# Work instruction
Lines that contain the string "does" are the ones to list; copy all of them from the records.

# Available records
(* Let $k\ge 3$ and let $\mathbf a=(a_1,\dots,a_k)$ be positive integers with $\gcd(a_1,\dots,a_k)=1$. Then $\mathcal T(\mathbf a)$ is old regular if and only if there is an index $i\in\{1,\dots,k\}$ such that $\mathcal T(\mathbf a[i])$ is primitive and regular and $a_i\mathbb Z_p\subseteq\overline{DQ_p(\mathbf a[i])}$ for all odd primes $p$.
   Context: For positive integers $a_1,\dots,a_k$, the triangular form $\mathcal T(a_1,\dots,a_k)$ is the polynomial $\sum_{i=1}^k a_i\,\frac{x_i(x_i+1)}{2}$. A nonnegative integer $n$ is represented by it if $\sum a_i x_i(x_i+1)/2=n$ has a solution $x\in\mathbb Z^k$, and locally represented if this equation has a solution in $\mathbb Z_p^k$ for every prime $p$. The form is primitive if the gcd of its coefficients is 1, and regular if it represents every positive integer that it locally represents. For $\mathbf a=(a_1,\dots,a_k)$ and $1\le i\le k$, $\mathbf a[i]$ denotes the vector obtained by deleting $a_i$. A regular form $\mathcal T(\mathbf a)$ is old if there is an index $i$ such that $\mathcal T(\mathbf a[i])$ represents exactly the same set of positive integers as $\mathcal T(\mathbf a)$; it is new if it is regular and not old. For a vector $\mathbf b=(b_1,\dots,b_r)$ of positive integers and an odd prime $p$, $\overline{DQ_p(\mathbf b)}=\{\gamma\in\mathbb Z_p:\gamma=\sum_i b_iy_i^2\text{ for some }y_i\in\mathbb Z_p\}$. *)

From mathcomp Require Import all_boot all_order all_algebra.
Set Implicit Arguments. Unset Strict Implicit. Unset Printing Implicit Defensive.
Import Order.TTheory GRing.Theory Num.Theory.
Local Open Scope ring_scope.

(* A coefficient vector a = (a_1,...,a_k) is a [seq nat]; a`_j is a_(j+1). *)

Definition tri (x : int) : int := ((x * (x + 1)) %/ 2)%Z.

Definition represents (a : seq nat) (n : nat) : Prop :=
  exists x : seq int, size x = size a /\
    \sum_(j < size a) (nth 0%N a j)%:Z * tri (nth 0 x j) = n%:Z.

(* p-adic integers Z_p = inverse limit of Z/p^m Z : an element is a
   sequence x of integer representatives with x (m+1) = x m (mod p^m),
   x m representing the residue modulo p^m. *)
Definition padic (p : nat) (x : nat -> int) : Prop :=
  forall m : nat, ((p ^ m)%:Z %| x m.+1 - x m)%Z.

Definition zfun0 : nat -> int := fun _ => 0.

(* T(a) represents n over Z_p: there are x_1..x_k in Z_p with
   sum a_j x_j (x_j+1) / 2 = n, i.e. (Z_p being a domain of char 0)
   sum a_j x_j (x_j+1) = 2n in Z_p, i.e. modulo every p^m. *)
Definition padic_represents (p : nat) (a : seq nat) (n : nat) : Prop :=
  exists x : seq (nat -> int), size x = size a /\
    (forall j, (j < size a)%N -> padic p (nth zfun0 x j)) /\
    forall m : nat,
      ((p ^ m)%:Z %|
         \sum_(j < size a) (nth 0%N a j)%:Z * (nth zfun0 x j m * (nth zfun0 x j m + 1))
         - 2%:Z * n%:Z)%Z.

Definition loc_represents (a : seq nat) (n : nat) : Prop :=
  forall p : nat, prime p -> padic_represents p a n.

Definition coef_gcd (a : seq nat) : nat := foldr gcdn 0%N a.

Definition primitive (a : seq nat) : Prop := coef_gcd a = 1%N.

Definition regular (a : seq nat) : Prop :=
  forall n : nat, (0 < n)%N -> loc_represents a n -> represents a n.

(* a[i] : delete the i-th entry (0-based). *)
Definition del (a : seq nat) (i : nat) : seq nat := take i a ++ drop i.+1 a.

Definition old_regular (a : seq nat) : Prop :=
  regular a /\
  exists i : nat, (i < size a)%N /\
    forall n : nat, (0 < n)%N -> (represents (del a i) n <-> represents a n).

Definition new_regular (a : seq nat) : Prop := regular a /\ ~ old_regular a.

(* gamma in closure(DQ_p(b)): gamma = sum b_j y_j^2 with y_j in Z_p. *)
Definition in_DQp (p : nat) (b : seq nat) (g : nat -> int) : Prop :=
  exists y : seq (nat -> int), size y = size b /\
    (forall j, (j < size b)%N -> padic p (nth zfun0 y j)) /\
    forall m : nat,
      ((p ^ m)%:Z %| g m - \sum_(j < size b) (nth 0%N b j)%:Z * (nth zfun0 y j m) ^+ 2)%Z.

Definition scaled_Zp_sub_DQp (p : nat) (c : nat) (b : seq nat) : Prop :=
  forall g : nat -> int, padic p g -> in_DQp p b (fun m => c%:Z * g m).

(* Write b = a[i] and c = a_i. Over Z_2 nothing is lost by dropping c once b
   is primitive: an odd coefficient of b solves B x(x+1)/2 = n by Hensel's
   lemma. Over Z_p with p odd, completing the square 8 T(x) + sum a_j =
   sum a_j (2x_j+1)^2 turns T into the diagonal form Q, and dropping c is
   harmless when c Z_p is inside closure(DQ_p(b)): a target q + c e is then
   either in c Z_p (when v_p(q) >= v_p(c)) or q times a unit congruent to 1
   mod p, hence q times a square. Conversely, if T(b) represents what T(a)
   does, choosing x_i = (p^(M+1) - 1)/2 shows that the values of Q(b) modulo
   p^M are stable under subtracting c, so they contain c Z_p; and since T(a)
   represents c, so does T(b), which forces b to be primitive. A compactness
   (Koenig) argument moves between solvability modulo every p^M and over Z_p. *)

From mathcomp Require Import all_boot all_order all_algebra.
From mathcomp Require Import ring zify.
From Stdlib Require Import Classical ClassicalEpsilon.
Set Implicit Arguments. Unset Strict Implicit. Unset Printing Implicit Defensive.
Import Order.TTheory GRing.Theory Num.Theory.
Local Open Scope ring_scope.

Lemma dvdz_exp2l_nat (p m n : nat) : (m <= n)%N -> ((p ^ m)%:Z %| (p ^ n)%:Z)%Z.
Proof. by move=> le_mn; rewrite dvdzE dvdn_exp2l. Qed.

Lemma dvdz_sub_modz (x q : int) : (q %| x - (x %% q)%Z)%Z.
Proof. by rewrite -eqz_mod_dvd eq_sym modz_mod. Qed.

Lemma dvdz_sub_trans (q x y z : int) :
  (q %| x - y)%Z -> (q %| y - z)%Z -> (q %| x - z)%Z.
Proof. by move=> qxy qyz; rewrite (_ : x - z = (x - y) + (y - z)); [exact: rpredD | ring]. Qed.

Lemma PoszX (n M : nat) : (n ^ M)%:Z = n%:Z ^+ M.
Proof. by rewrite -[LHS]natz natrX natz. Qed.

Definition pronic (x : int) : int := x * (x + 1).

Lemma dvdz2_pronic (x : int) : (2 %| pronic x)%Z.
Proof.
rewrite /pronic (divz_eq x 2); set q := (x %/ 2)%Z.
have : (x %% 2)%Z = 0 \/ (x %% 2)%Z = 1.
  have : 0 <= (x %% 2)%Z by apply: modz_ge0.
  have : (x %% 2)%Z < 2 by apply: ltz_pmod.
  lia.
by case=> ->; apply/dvdzP; [exists (q * (q * 2 + 1)) | exists ((q * 2 + 1) * (q + 1))]; ring.
Qed.

Lemma tri_double (x : int) : 2 * tri x = pronic x.
Proof. by rewrite /tri mulrC divzK // dvdz2_pronic. Qed.

Lemma tri_ge0 (x : int) : 0 <= tri x.
Proof. have := tri_double x; rewrite /pronic; nia. Qed.

Lemma tri_odd_sq (x : int) : 8 * tri x = (2 * x + 1) ^+ 2 - 1.
Proof. by rewrite (_ : 8 = 4 * 2) // -mulrA tri_double /pronic; ring. Qed.

Lemma tri0 : tri 0 = 0. Proof. by []. Qed.
Lemma tri1 : tri 1 = 1. Proof. by []. Qed.

Section DeleteInsert.
Variable T : Type.
Implicit Types (s : seq T) (i j : nat) (e : T).

(* [del] is [delete] at [T := nat], so these lemmas apply to [del a i]. *)
Definition delete s i := take i s ++ drop i.+1 s.
Definition insert s i e := take i s ++ e :: drop i s.

Lemma size_delete s i : (i < size s)%N -> size (delete s i) = (size s).-1.
Proof. by move=> lt_i; rewrite size_cat size_take size_drop lt_i; lia. Qed.

Lemma nth_delete x0 s i j : (i < size s)%N -> nth x0 (delete s i) j = nth x0 s (bump i j).
Proof.
move=> lt_i; rewrite nth_cat size_take lt_i /bump.
case: ltnP => [lt_ji | le_ij]; first by rewrite nth_take // add0n.
by rewrite nth_drop; congr nth; lia.
Qed.

Lemma size_insert s i e : (i <= size s)%N -> size (insert s i e) = (size s).+1.
Proof. by move=> le_i; rewrite size_cat /= size_take size_drop; case: ltnP; lia. Qed.

Lemma nth_insert x0 s i e j : (i <= size s)%N ->
  nth x0 (insert s i e) (bump i j) = nth x0 s j.
Proof.
move=> le_i; rewrite nth_cat size_take_min (minn_idPl le_i) /bump.
case: (ltnP j i) => [lt_ji | le_ij].
  by rewrite add0n lt_ji nth_take.
rewrite add1n ifF; last lia.
by rewrite subSn //= nth_drop subnKC.
Qed.

Lemma nth_insert_at x0 s i e : (i <= size s)%N -> nth x0 (insert s i e) i = e.
Proof. by move=> le_i; rewrite nth_cat size_take_min (minn_idPl le_i) ltnn subnn. Qed.

Lemma insert_delete x0 s i : (i < size s)%N -> insert (delete s i) i (nth x0 s i) = s.
Proof.
move=> lt_i; rewrite /insert /delete take_size_cat ?size_take ?lt_i //.
by rewrite drop_size_cat ?size_take ?lt_i // -drop_nth // cat_take_drop.
Qed.

End DeleteInsert.

Definition wsum (F : int -> int) (a : seq nat) (x : seq int) : int :=
  \sum_(j < size a) (nth 0%N a j)%:Z * F (nth 0 x j).

Definition csum (a : seq nat) : int := \sum_(j < size a) (nth 0%N a j)%:Z.

Definition sq (y : int) : int := y ^+ 2.

Definition odd_vec (x : seq int) : seq int := [seq 2 * u + 1 | u <- x].

Lemma big_del_nth (F : nat -> int) a i : (i < size a)%N ->
  \sum_(j < size a) F j = F i + \sum_(j < size (del a i)) F (bump i j).
Proof. by move=> lt_i; rewrite (bigD1_ord (Ordinal lt_i)) //= size_delete. Qed.

Lemma size_insert_del a (x : seq int) i e : (i < size a)%N -> size x = size (del a i) ->
  size (insert x i e) = size a.
Proof. by move=> lt_i sz_x; rewrite size_insert sz_x size_delete //; lia. Qed.

Lemma wsum_insert F a x i e : (i < size a)%N -> size x = size (del a i) ->
  wsum F a (insert x i e) = (nth 0%N a i)%:Z * F e + wsum F (del a i) x.
Proof.
move=> lt_i sz_x; have le_i : (i <= size x)%N by rewrite sz_x size_delete //; lia.
rewrite /wsum (big_del_nth (fun j => (nth 0%N a j)%:Z * F (nth 0 (insert x i e) j)) lt_i).
rewrite nth_insert_at //.
by congr (_ + _); apply: eq_bigr => j _; rewrite nth_insert // -nth_delete.
Qed.

Lemma csum_del a i : (i < size a)%N -> csum a = (nth 0%N a i)%:Z + csum (del a i).
Proof.
move=> lt_i; rewrite /csum (big_del_nth (fun j => (nth 0%N a j)%:Z) lt_i).
by congr (_ + _); apply: eq_bigr => j _; rewrite -nth_delete.
Qed.

Lemma wsum_pronic a x : wsum pronic a x = 2 * wsum tri a x.
Proof. by rewrite /wsum mulr_sumr; apply: eq_bigr => j _; rewrite -tri_double; ring. Qed.

Lemma wsum_sq_odd_vec a x : size x = size a ->
  wsum sq a (odd_vec x) = 4 * wsum pronic a x + csum a.
Proof.
move=> sz_x; rewrite /wsum /csum mulr_sumr -big_split /=.
by apply: eq_bigr => j _; rewrite /odd_vec (nth_map 0) ?sz_x // /sq /pronic; ring.
Qed.

Lemma wsum_sq_scale a (s : int) x :
  wsum sq a [seq s * u | u <- x] = s ^+ 2 * wsum sq a x.
Proof.
rewrite /wsum mulr_sumr; apply: eq_bigr => j _.
have -> : nth 0 [seq s * u | u <- x] j = s * nth 0 x j.
  case: (ltnP j (size x)) => lt_j; first exact: nth_map.
  by rewrite !nth_default ?size_map ?mulr0.
by rewrite /sq exprMn mulrCA.
Qed.

Lemma wsum_ge0 F a x : (forall u, 0 <= F u) -> 0 <= wsum F a x.
Proof. by move=> F_ge0; apply: sumr_ge0 => j _; apply: mulr_ge0. Qed.

Lemma wsum_cong (q : int) F a x y :
  (forall u v, (q %| u - v)%Z -> (q %| F u - F v)%Z) ->
  (forall j, (q %| nth 0 x j - nth 0 y j)%Z) -> (q %| wsum F a x - wsum F a y)%Z.
Proof.
move=> F_cong xy; rewrite /wsum -sumrB; apply: rpred_sum => j _.
by rewrite -mulrBr dvdz_mull // F_cong.
Qed.

Lemma pronic_cong (q u v : int) : (q %| u - v)%Z -> (q %| pronic u - pronic v)%Z.
Proof.
by move=> quv; rewrite (_ : _ - _ = (u - v) * (u + v + 1)) ?dvdz_mulr // /pronic; ring.
Qed.

Lemma sq_cong (q u v : int) : (q %| u - v)%Z -> (q %| sq u - sq v)%Z.
Proof. by move=> quv; rewrite (_ : _ - _ = (u - v) * (u + v)) ?dvdz_mulr // /sq; ring. Qed.

Definition at_level (X : seq (nat -> int)) (m : nat) : seq int := [seq f m | f <- X].

Lemma nth_at_level X m j : nth 0 (at_level X m) j = nth zfun0 X j m.
Proof.
case: (ltnP j (size X)) => lt_j; first by rewrite (nth_map zfun0).
by rewrite !nth_default // size_map.
Qed.

Definition red (q : int) (v : seq int) : seq int := [seq (x %% q)%Z | x <- v].

Lemma red_red (p m n : nat) v : (m <= n)%N ->
  red (p ^ m)%:Z (red (p ^ n)%:Z v) = red (p ^ m)%:Z v.
Proof.
move=> le_mn; rewrite /red -map_comp; apply: eq_map => x /=.
apply/eqP; rewrite eqz_mod_dvd -opprB rpredN.
exact: dvdz_trans (dvdz_exp2l_nat p le_mn) (dvdz_sub_modz x _).
Qed.

Fixpoint box (k R : nat) : seq (seq int) :=
  if k is k'.+1 then [seq x :: t | x <- [seq Posz r | r <- iota 0 R], t <- box k' R]
  else [:: [::]].

Lemma mem_box k R (v : seq int) : size v = k ->
  (forall j, (j < k)%N -> 0 <= nth 0 v j < R%:Z) -> v \in box k R.
Proof.
elim: k v => [|k IH] [|x v] //= [sz_v] v_box.
apply: allpairs_f; last by apply: IH => // j lt_j; exact: (v_box j.+1).
have /andP[x_ge0 x_lt] : 0 <= x < R%:Z := v_box 0%N isT.
by rewrite -(gez0_abs x_ge0) map_f // mem_iota add0n -ltz_nat gez0_abs.
Qed.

# Result
   does, choosing x_i = (p^(M+1) - 1)/2 shows that the values of Q(b) modulo
   represents c, so does T(b), which forces b to be primitive. A compactness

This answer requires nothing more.